13.2 We also comply with the Personal Data (Privacy) Ordinance, Chapter 486 (“PDPO”) and the personal data that you supply to us and to which PDPO applies may only be used:-
- to provide legal services to you either to the extent that we receive and continue to receive instructions from you in accordance with the Letter or in respect of other instructions from you from time to time and any matters ancillary thereto;
- to the extent that company secretarial services are requested by you from companies owned by partner(s) of our firm, for the purposes of those companies to deliver the requested services to you;
- to meet the requirements of Practice Direction P (referred to in Clause 6.1 above); and
- for the marketing of our legal services where this has been consented to by you.
13.3 Data held by us relating to you will be treated confidentially except (i) in the circumstances referred to at Clause 6 above, or (ii) where otherwise required by law or regulation to which we are subject, or (iii) as otherwise directed by you.
13.4 You may check whether we hold data about you and request that you have access to such data. You may also request us to correct any inaccurate data and to specify our policies relating to such data.
13.5 In accordance with the PDPO, where we receive any data access or correction request, we have the right to charge a reasonable fee for processing the same. All requests for (i) an access to or a correction of data, or (ii) a specification of data policies, or (iii) withdrawal of consent to direct marketing, shall be addressed in writing to the Privacy Officer, Robertsons, 57/F., The Center, 99 Queen’s Road, Central, Hong Kong or by email to email@example.com.

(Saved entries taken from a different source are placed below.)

(* Let $q$ be a prime power and let $\mathcal{P}$ be a monic irreducible polynomial in $\mathbb{F}_q[T]$ of degree $m$. Then for every $n\in\mathbb{Z}_{\geqslant1}$, $\mathcal{P}$ is a c-Wieferich prime in $\mathbb{F}_q[T]$ if and only if $\mathcal{P}$ is a c-Wieferich prime in $\mathbb{F}_{q^{mn+1}}[T]$.
   Context: For a prime power $Q$, the Carlitz module over $\mathbb{F}_Q[T]$: for $N\in\mathbb{F}_Q[T]$, $\rho_N(X)$ is the additive polynomial determined by requiring $N\mapsto\rho_N$ to be an $\mathbb{F}_Q$-algebra homomorphism into additive polynomials (multiplication = composition) with $\rho_T(X)=X^Q+TX$. A monic irreducible $\mathcal{P}\in\mathbb{F}_Q[T]$ is a c-Wieferich prime in $\mathbb{F}_Q[T]$ if $\rho_{\mathcal{P}-1}(1)\equiv0\pmod{\mathcal{P}^2}$; it is known that this is equivalent to $F_{Q,\deg\mathcal{P}-1}\equiv0\pmod{\mathcal{P}}$, where $F_{Q,0}=1$ and $F_{Q,i}=(-1)^i+(T^{Q^i}-T)F_{Q,i-1}$. (Since $\gcd(m,mn+1)=1$, $\mathcal{P}$ remains irreducible over $\mathbb{F}_{q^{mn+1}}$.) *)

From HB Require Import structures.
From mathcomp Require Import all_boot all_order all_algebra all_field.
Set Implicit Arguments. Unset Strict Implicit. Unset Printing Implicit Defensive.
Import GRing.Theory.
Local Open Scope ring_scope.

(* Carlitz module over F_Q[T] = {poly K}, where Q = #|K|.
   rho_T(x) = x^Q + T x ; rho_N = sum_i N_i rho_T^i  (the unique F_Q-algebra
   homomorphism N |-> rho_N into additive polynomials, composition as product).
   We only need rho_N evaluated at elements x of K[T]. *)
Definition carlitzT (K : finFieldType) (x : {poly K}) : {poly K} :=
  x ^+ #|K| + 'X * x.

Definition carlitz (K : finFieldType) (N x : {poly K}) : {poly K} :=
  \sum_(i < size N) N`_i *: iter i (@carlitzT K) x.

Definition cWieferich (K : finFieldType) (P : {poly K}) : Prop :=
  [/\ P \is monic, irreducible_poly P & P ^+ 2 %| carlitz (P - 1) 1].

From HB Require Import structures.
From mathcomp Require Import all_boot all_order all_algebra all_field.
From mathcomp Require Import ring.
From Stdlib Require Import Classical.
Set Implicit Arguments. Unset Strict Implicit. Unset Printing Implicit Defensive.
Import GRing.Theory.
Local Open Scope ring_scope.

(* Let Q = #|F| and k = m n + 1.  If g is a monic irreducible factor of P
   over L, of degree d, then T^(Q^(d k)) = T and T^(Q^m) = T mod g, hence
   T^(Q^(gcd(m, d))) = T mod g since gcd(m, k) = 1.  As P is irreducible over
   F, it then divides T^(Q^(gcd(m, d))) - T, which forces m <= gcd(m, d) <= d:
   P stays irreducible over L.
   The Carlitz module of L[T] is that of F[T] with x^Q replaced by x^(Q^k) in
   rho_T, and x^(Q^k) = x^Q mod P^2: from x^(Q^(m n)) = x + b P, raising to
   the Q-th power gives x^(Q^k) = x^Q + b^Q P^Q.  So rho_(P-1)(1) is the same
   modulo P^2 over F and over L. *)

Lemma dvdp_subrXX (R : idomainType) (g x y : {poly R}) k :
  g %| x - y -> g %| x ^+ k - y ^+ k.
Proof. by move=> gxy; rewrite subrXX dvdp_mulr. Qed.

Section FrobeniusFixed.

Variables (R : idomainType) (g h : {poly R}) (Q : nat).

Definition frob_fixed k := g %| h ^+ (Q ^ k) - h.

Lemma frob_fixed0 : frob_fixed 0.
Proof. by rewrite /frob_fixed expn0 expr1 subrr dvdp0. Qed.

Lemma frob_fixedD a b : frob_fixed a -> frob_fixed b -> frob_fixed (a + b).
Proof.
rewrite /frob_fixed expnD mulnC exprM => ga gb.
rewrite -(subrK (h ^+ (Q ^ a)) (_ ^+ _)) -addrA.
by rewrite dvdp_add // dvdp_subrXX.
Qed.

Lemma frob_fixedMr a c : frob_fixed a -> frob_fixed (a * c).
Proof.
move=> ga; elim: c => [|c IHc]; first by rewrite muln0 frob_fixed0.
by rewrite mulnS frob_fixedD.
Qed.

Lemma frob_fixed_subn a b : frob_fixed (a + b) -> frob_fixed b -> frob_fixed a.
Proof.
rewrite /frob_fixed expnD mulnC exprM => gab gb.
rewrite -(subrK ((h ^+ (Q ^ b)) ^+ (Q ^ a)) (h ^+ _)) -addrA.
by rewrite dvdp_add // -opprB dvdpNr dvdp_subrXX.
Qed.

Lemma frob_fixed_gcd a b :
  (0 < a)%N -> frob_fixed a -> frob_fixed b -> frob_fixed (gcdn a b).
Proof.
move=> a_gt0 ga gb; have [u _ /dvdnP[c def_c]] := Bezoutl b a_gt0.
by apply: (@frob_fixed_subn _ (u * b)); rewrite ?def_c mulnC frob_fixedMr.
Qed.

End FrobeniusFixed.

Lemma expf_card_exp (F : finFieldType) (c : F) k : c ^+ (#|F| ^ k) = c.
Proof. by elim: k => [|k IHk]; rewrite ?expr1 // expnS exprM expf_card IHk. Qed.

Lemma poly_exprD_card (F : finFieldType) (a b : {poly F}) k :
  (a + b) ^+ (#|F| ^ k) = a ^+ (#|F| ^ k) + b ^+ (#|F| ^ k).
Proof.
have [p p_pr pF] := finPcharP F.
have pFX : p \in [pchar {poly F}] by rewrite pchar_poly.
apply: exprDn_pchar; rewrite (eq_pnat _ (pcharf_eq pFX)).
by rewrite (card_pprimeChar pF) -expnM pnatX pnat_id.
Qed.

Lemma frob_fixed_X (F : finFieldType) (P h : {poly F}) k :
  frob_fixed P 'X #|F| k -> frob_fixed P h #|F| k.
Proof.
rewrite /frob_fixed => PX; elim/poly_ind: h => [|h c IHh].
  rewrite expr0n expn_eq0 -leqn0 leqNgt (ltnW (finNzRing_gt1 F)) /=.
  by rewrite subrr dvdp0.
rewrite (poly_exprD_card (h * 'X)) exprMn -rmorphXn /= expf_card_exp.
set M := (#|F| ^ k)%N.
have -> : h ^+ M * 'X ^+ M + c%:P - (h * 'X + c%:P) =
          (h ^+ M - h) * 'X ^+ M + h * ('X ^+ M - 'X) by ring.
by apply: dvdp_add; [apply: dvdp_mulr | apply: dvdp_mull].
Qed.

Section QuotientField.

Variables (K : finFieldType) (g : {poly K}).
Hypotheses (g_monic : g \is monic) (g_irr : irreducible_poly g).
Let gI : monic_irreducible_poly g := (g_irr, g_monic).
Let Kg := {poly %/ g with gI}.

Lemma in_qpoly_eq (p q : {poly K}) :
  (in_qpoly g p == in_qpoly g q :> Kg) = (g %| p - q).
Proof.
rewrite -val_eqE /= (mk_monicE gI) -!(Pdiv.IdomainMonic.modpE g_monic).
by rewrite -subr_eq0 -modpN -modpD; apply/eqP/modp_eq0P.
Qed.

Lemma in_qpolyK (x : Kg) : in_qpoly g x = x.
Proof. by apply: val_inj; apply: in_qpoly_small; apply: size_mk_monic. Qed.

Lemma frob_fixed_deg h : frob_fixed g h #|K| (size g).-1.
Proof.
have /eqP := expf_card (in_qpoly g h : Kg).
by rewrite card_qfpoly -rmorphXn in_qpoly_eq.
Qed.

Lemma frob_fixed_X_deg_le k :
  (0 < k)%N -> frob_fixed g 'X #|K| k -> ((size g).-1 <= k)%N.
Proof.
move=> k_gt0 /frob_fixed_X gX.
have fixK (x : Kg) : root ('X^(#|K| ^ k) - 'X) x.
  rewrite /root !hornerE subr_eq0.
  rewrite -[x in _ == x]in_qpolyK -[x in x ^+ _]in_qpolyK -rmorphXn.
  by rewrite in_qpoly_eq; exact: gX.
have Q_gt1 := finNzRing_gt1 K.
have Qk_gt1 : (1 < #|K| ^ k)%N.
  by rewrite -(expn0 #|K|) ltn_exp2l // -(prednK k_gt0).
have sizeR : size ('X^(#|K| ^ k) - 'X : {poly Kg}) = (#|K| ^ k).+1.
  by rewrite size_polyDl size_polyXn // size_polyN size_polyX.
have := @max_ring_poly_roots _ ('X^(#|K| ^ k) - 'X) (enum Kg).
rewrite -size_poly_eq0 sizeR uniq_rootsE enum_uniq -cardE card_qfpoly ltnS.
rewrite leq_exp2l //; apply=> //; exact/allP.
Qed.

End QuotientField.

Lemma eqp_irredp (R : idomainType) (p q : {poly R}) :
  p %= q -> irreducible_poly p -> irreducible_poly q.
Proof.
move=> pq [p_gt1 p_irr]; split=> [|d d_ne1 dq]; first by rewrite -(eqp_size pq).
have dp : d %= p by apply: p_irr; rewrite // (eqp_dvdr _ pq).
exact: eqp_trans dp pq.
Qed.

Lemma ex_irredp_dvdp (R : fieldType) (q : {poly R}) :
  (1 < size q)%N -> exists2 g, irreducible_poly g & g %| q.
Proof.
have [n] := ubnP (size q); elim: n q => // n IHn q.
rewrite ltnS => le_q_n q_gt1.
apply: NNPP => no_g; apply: (no_g); exists q => //; split=> // d d_ne1 dq.
apply/negPn/negP => dNq; apply: no_g.
have q_neq0 : q != 0 by rewrite -size_poly_gt0 ltnW.
have d_neq0 : d != 0 by apply: contraTneq dq => ->; rewrite dvd0p.
have lt_dq : (size d < size q)%N.
  by rewrite ltn_neqAle dvdp_size_eqp // dNq dvdp_leq.
have d_gt1 : (1 < size d)%N by rewrite ltn_neqAle eq_sym d_ne1 size_poly_gt0.
have [g g_irr gd] := IHn d (leq_trans lt_dq le_q_n) d_gt1.
by exists g; last exact: dvdp_trans gd dq.
Qed.

Lemma ex_monic_irredp_dvdp (R : fieldType) (q : {poly R}) :
  (1 < size q)%N -> exists g, [/\ g \is monic, irreducible_poly g & g %| q].
Proof.
move=> /ex_irredp_dvdp[g g_irr gq].
have lc_neq0 : lead_coef g != 0 by rewrite lead_coef_eq0 irredp_neq0.
have gE : (lead_coef g)^-1 *: g %= g by rewrite eqp_scale ?invr_eq0.
exists ((lead_coef g)^-1 *: g); split.
- by apply/monicP; rewrite lead_coefZ mulVf.
- by apply: eqp_irredp g_irr; rewrite eqp_sym.
- by rewrite (eqp_dvdl _ gE).
Qed.

Lemma irredp_dvdp_map (F L : fieldType) (f : {rmorphism F -> L})
    (P r : {poly F}) (g : {poly L}) :
  irreducible_poly P -> (1 < size g)%N ->
  g %| map_poly f P -> g %| map_poly f r -> P %| r.
Proof.
move=> P_irr g_gt1 gP gr.
have d_neq0 : gcdp P r != 0 by rewrite gcdp_eq0 negb_and irredp_neq0.
have d_ne1 : size (gcdp P r) != 1%N.
  have gd : g %| map_poly f (gcdp P r) by rewrite gcdp_map dvdp_gcd gP.
  rewrite neq_ltn -(size_map_poly f) (leq_trans g_gt1) ?orbT //.
  by rewrite dvdp_leq ?map_poly_eq0.
by rewrite -(eqp_dvdl _ (P_irr _ d_ne1 (dvdp_gcdl P r))) dvdp_gcdr.
Qed.

Lemma irredp_map_coprime (F L : finFieldType) (f : {rmorphism F -> L})
    (P : {poly F}) k :
  P \is monic -> irreducible_poly P -> #|L| = (#|F| ^ k)%N ->
  coprime (size P).-1 k -> irreducible_poly (map_poly f P).
Proof.
move=> P_monic P_irr cardL; set m := (size P).-1 => co_mk.
have sizeP : size P = m.+1 by rewrite prednK // size_poly_gt0 irredp_neq0.
have m_gt0 : (0 < m)%N by rewrite -ltnS -sizeP; case: P_irr.
have Pf_neq0 : map_poly f P != 0 by rewrite map_poly_eq0 irredp_neq0.
split=> [|q q_ne1 qP]; first by rewrite size_map_poly sizeP ltnS.
have q_neq0 : q != 0 by apply: contraTneq qP => ->; rewrite dvd0p.
have q_gt1 : (1 < size q)%N by rewrite ltn_neqAle eq_sym q_ne1 size_poly_gt0.
have [g [g_monic g_irr gq]] := ex_monic_irredp_dvdp q_gt1.
have gP := dvdp_trans gq qP.
have g_gt1 : (1 < size g)%N by case: g_irr.
set d := (size g).-1; have sizeg : size g = d.+1 by rewrite prednK // ltnW.
have g_dk : frob_fixed g 'X #|F| (d * k).
  have := frob_fixed_deg g_monic g_irr 'X.
  by rewrite /frob_fixed cardL -expnM (mulnC k).
have g_m : frob_fixed g 'X #|F| m.
  have := frob_fixed_deg P_monic P_irr 'X.
  rewrite /frob_fixed -(dvdp_map f) rmorphB rmorphXn /= map_polyX.
  exact: dvdp_trans.
have := frob_fixed_gcd m_gt0 g_m g_dk; rewrite Gauss_gcdl //.
set j := gcdn m d => g_j.
have P_j : frob_fixed P 'X #|F| j.
  rewrite /frob_fixed.
  apply: (irredp_dvdp_map P_irr g_gt1 gP).
  by rewrite rmorphB rmorphXn /= map_polyX; exact: g_j.
have le_mj : (m <= j)%N.
  by apply: (frob_fixed_X_deg_le P_monic P_irr _ P_j); rewrite gcdn_gt0 m_gt0.
have le_jd : (j <= d)%N.
  by apply: dvdn_leq; [rewrite -ltnS -sizeg | exact: dvdn_gcdr].
rewrite -dvdp_size_eqp // eqn_leq dvdp_leq //= size_map_poly sizeP.
by rewrite (leq_trans _ (dvdp_leq q_neq0 gq)) // sizeg ltnS (leq_trans le_mj).
Qed.

(* [carlitz N x] is [gcarlitz #|K| N x]; freeing the exponent lets the
   Carlitz module of L[T] be computed inside F[T]. *)
Definition gcarlitzT (R : nzRingType) (E : nat) (x : {poly R}) : {poly R} :=
  x ^+ E + 'X * x.

Definition gcarlitz (R : nzRingType) (E : nat) (N x : {poly R}) : {poly R} :=
  \sum_(i < size N) N`_i *: iter i (gcarlitzT E) x.

Lemma map_carlitz (F : fieldType) (L : finFieldType) (f : {rmorphism F -> L})
    (N x : {poly F}) :
  carlitz (map_poly f N) (map_poly f x) = map_poly f (gcarlitz #|L| N x).
Proof.
rewrite /carlitz size_map_poly rmorph_sum; apply: eq_bigr => i _.
rewrite coef_map /= map_polyZ; congr (_ *: _).
elim: (nat_of_ord i) => //= n ->.
by rewrite /carlitzT /gcarlitzT rmorphD rmorphM rmorphXn /= map_polyX.
Qed.

Lemma gcarlitz_congr (R : idomainType) (D : {poly R}) E1 E2 (N x : {poly R}) :
  (forall y, D %| y ^+ E1 - y ^+ E2) ->
  D %| gcarlitz E1 N x - gcarlitz E2 N x.
Proof.
move=> DE; rewrite /gcarlitz -sumrB.
apply: (big_ind (fun p => D %| p)) => [|a b|i _].
- exact: dvdp0.
- exact: dvdp_add.
rewrite -scalerBr -mul_polyC dvdp_mull //.
elim: (nat_of_ord i) => [|n IHn] /=; first by rewrite subrr dvdp0.
set a := iter n _ x; set b := iter n _ x.
have -> : gcarlitzT E1 a - gcarlitzT E2 b =
          (a ^+ E1 - a ^+ E2) + (a ^+ E2 - b ^+ E2) + 'X * (a - b).
  by rewrite /gcarlitzT; ring.
by rewrite dvdp_add ?dvdp_mull // dvdp_add ?dvdp_subrXX.
Qed.

Lemma sqr_dvdp_exp_card_succ (F : finFieldType) (P x : {poly F}) k :
  P \is monic -> irreducible_poly P -> ((size P).-1 %| k)%N ->
  P ^+ 2 %| x ^+ (#|F| ^ k.+1) - x ^+ #|F|.
Proof.
move=> P_monic P_irr /dvdnP[c ->].
have /dvdpP[b xE] := frob_fixedMr c (frob_fixed_deg P_monic P_irr x).
rewrite expnSr exprM mulnC -[x ^+ _](subrK x) xE.
have := poly_exprD_card (b * P) x 1; rewrite expn1 => ->.
by rewrite addrK exprMn dvdp_mull // dvdp_exp2l // finNzRing_gt1.
Qed.

Lemma carlitz_map_sqr_dvdp (F L : finFieldType) (f : {rmorphism F -> L})
    (P N x : {poly F}) k :
  P \is monic -> irreducible_poly P -> ((size P).-1 %| k)%N ->
  #|L| = (#|F| ^ k.+1)%N ->
  (map_poly f P ^+ 2 %| carlitz (map_poly f N) (map_poly f x))
    = (P ^+ 2 %| carlitz N x).
Proof.
move=> P_monic P_irr Pk cardL.
rewrite map_carlitz -rmorphXn dvdp_map.
have D : P ^+ 2 %| gcarlitz #|L| N x - carlitz N x.
  by apply: gcarlitz_congr => y; rewrite cardL sqr_dvdp_exp_card_succ.
by rewrite -(subrK (carlitz N x) (gcarlitz _ N x)) dvdp_addr.
Qed.

Theorem theorem5p1 (F L : finFieldType) (f : {rmorphism F -> L})
    (m n : nat) (P : {poly F}) :
  P \is monic -> irreducible_poly P -> size P = m.+1 ->
  (0 < n)%N -> #|L| = (#|F| ^ (m * n + 1))%N ->
  cWieferich P <-> cWieferich (map_poly f P).
Proof.
move=> P_monic P_irr sizeP _ cardL.
have co_m : coprime (size P).-1 (m * n + 1).
  by rewrite sizeP /coprime mulnC gcdnMDl gcdn1.
have Pf_irr := irredp_map_coprime f P_monic P_irr cardL co_m.
have m_mn : ((size P).-1 %| m * n)%N by rewrite sizeP dvdn_mulr.
rewrite addn1 in cardL.
rewrite /cWieferich map_monic -(rmorph1 (map_poly f)) -rmorphB.
rewrite (carlitz_map_sqr_dvdp f _ _ P_monic P_irr m_mn cardL).
by split=> -[_ _ ?]; split.
Qed.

13.6 In the event that you have given us the consent referred to at Clause 13.2(4), and you then do not wish to receive any unsolicited emails from us outside of the scope of the Letter, then you may send an unsubscribe request (as defined in the Unsolicited Electronic Messages Ordinance, Chapter 593) by email to firstname.lastname@example.org and marked with the subject heading: “unsubscribe”.
14. Limitation on Liability
14.1 In respect of non-contentious matters only, the maximum amount of any claim that you or your successors or assigns may have against us and/or any of our partners and/or our solicitors and/or their successors in respect of the work undertaken pursuant to the Contract shall not in any circumstances exceed HK$20,000,000.
14.2 We do not accept any liability in respect of the advice or services provided to you by other professionals who we introduce to you or who we instruct on your behalf.
14.3 If you have agreed with any other advisor any limitation in that adviser’s liability, we will not be liable for anything that you could have claimed from that adviser but are unable to do so as a result of such limitation.
14.4 We are only qualified to advise on Hong Kong law. If any aspects of your work relate to the laws of any other jurisdiction, we would be pleased to introduce you to legal advisers in that jurisdiction, but we do not accept any liability in respect of any matters not relating to Hong Kong law.
15. Governing Law
These Terms and the Contract are governed by the laws of Hong Kong and any dispute, claim or proceedings in relation to the same will be submitted to the exclusive jurisdiction of the Courts of Hong Kong. You accept that we have agreed to act for you strictly on the basis that you undertake not to pursue legal proceedings in any jurisdiction other than Hong Kong in relation to any matters arising out of the Contract and/or this retainer.